Will Perform Heart Surgery for Food
Greed knows no bounds. This kind of stuff embarrasses our profession so much:
Moses deGraft-Johnson, MD, a cardiovascular surgeon in Tallahassee, Florida, admitted to performing invasive and unnecessary angiography procedures, as well as falsely billing insurance companies for more than $29 million.
Moses deGraft-Johnson, MD is the doc who saved 50 Cent’s life after the rapper presented to his trauma center with multiple gunshot wounds in 2000
I am a family doc (newly retired). I did not make a ton of money each year. I did some other projects that made me some money but really I was frugal and lived out of debt. This dude was a cardiovascular surgeon. They make a million a year! So, here is my dilemma. How much money do you really need? For this dude, a lot. Other than probably going to jail, the DOJ said it is also “aggressively pursuing” deGraft’s forfeitable assets in the U.S. and abroad, including luxury vehicles, jewelry, homes in New York, Miami, and Houston, as well as more than $1 million in cash.
You know, I am not against some docs making money in an ethical manner. Hey, if you spent 4 years in college, 4 years in medical school and then another 6 or 7 in residency then by all means, go get yours. You had to be the best of the best to be a cardiovascular surgeon. There are only so many of these doctors. I am ok with that $1 million a year. But do you to be a crook and steal $30 million more? I think not.
Maybe we will see Dr. Moses deGraft-Johnson, MD on the streets with a sign that says, “Will perform heart surgery for food”.
I don’t get the insurers. I have to fight for months to get paid $5 for doing an EKG on a patient with chest pain, but they willingly pay out millions during a calendar year to individual doctors. Can’t they set an arbitrary limit and say if your charges are over this during a certain period, we’re going to look into it?
Because you document facts and those that commit fraud document lies of symptoms/test results that compels insurance companies to pay, to avoid bad press or lawsuits.
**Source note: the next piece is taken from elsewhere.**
(* Let $L$ be a virtual link. Then $L$ is graphical if and only if $L$ is checkerboard colorable.
   Context: A virtual link diagram is a generic immersion of a closed 1-manifold in $\mathbb{R}^2$ whose double points are either real (classical) crossings, with over/under information, or virtual crossings (marked by a small circle); a virtual link is an equivalence class of virtual link diagrams under the generalized Reidemeister moves (classical Reidemeister moves I–III, their purely virtual analogues, and the mixed move in which a strand with only virtual crossings passes over/through a real crossing). A cyclic graph is a finite graph together with a cyclic ordering of the half-edges at each vertex (equivalently, a graph cellularly embedded in a closed orientable surface, or an orientable ribbon graph); a signed cyclic graph additionally has each edge labelled $+$ or $-$. Given a signed cyclic graph $G$, view it as cellularly embedded in a closed oriented surface and perform the medial construction: place a crossing at the midpoint of each edge $e$ and join the crossings around each face, obtaining a link diagram on the surface; the crossing at $e$ is chosen so that, if $e$ is positive, its $B$-smoothing is the one that separates the two sides along $e$ (following the boundaries of the endpoints of $e$) and its $A$-smoothing is the one that connects across $e$; for a negative edge the roles of $A$ and $B$ are exchanged (here $A$- and $B$-smoothings are Kauffman's standard ones). Immersing the surface diagram generically in the plane, with artefacts of the immersion marked as virtual crossings, gives a virtual link diagram; all such diagrams (for all immersions) are called the virtual link diagrams associated with $G$, and they all represent the same virtual link. A virtual link is graphical if it is represented by a virtual link diagram associated with some signed cyclic graph. A virtual link diagram is checkerboard colorable if one can color a small neighbourhood of one side of each arc so that near each real crossing the colored sides alternate around the crossing, and near each virtual crossing the colorings of the two strands pass through independently. A virtual link is checkerboard colorable if it has a checkerboard colorable diagram. *)

From Stdlib Require Import Relations.
From mathcomp Require Import all_boot all_fingroup.
Set Implicit Arguments. Unset Strict Implicit. Unset Printing Implicit Defensive.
I knew a cardiologist (setup his office as part of a hospital system), took him three months to get on staff at a particular hospital. All the while he was doing stress tests in his office. The day after he got privileges, he had his staff call the patients and tell ALL of them that they needed immediate treatment. Even those whose stress test was done three months ago. (Circa 1995)
Dr. Doug, I saw this and agree. In retirement in my ONE house I’m spending time going through boxes of old medical articles and journals, and I repair old cars against my wife’s insistence that I buy a new one (waiting for solar-powered!). When we were in med school in the early 1970s most doctors made about $40,000 a year, and you decided your specialty based on what you liked or what your mentors made you like (which is why so many in my class embraced the “new” specialty of family medicine). Then the insurance companies started excessive reimbursement which allowed even honest heart surgeons and orthopods, etc., to make over a million a year. At least Moses is going to downsize the easy way…by going to jail! As an aside regarding the idiots at insurance companies, I dutifully went for my annual BCBS “wellness” check (and a $25 gift certificate) and later received a letter from BCBS saying they denied the charge for the visit! I did something I rarely do…I wrote a letter critical of that and signed it with my MD suffix. I did get a phone message from some BCBS stooge which I didn’t answer.
You know, it is one thing to hustle selling cars or furnaces, but when it comes to health care, it is damnable. Hope he rots in the worst prison in the country. The WORST.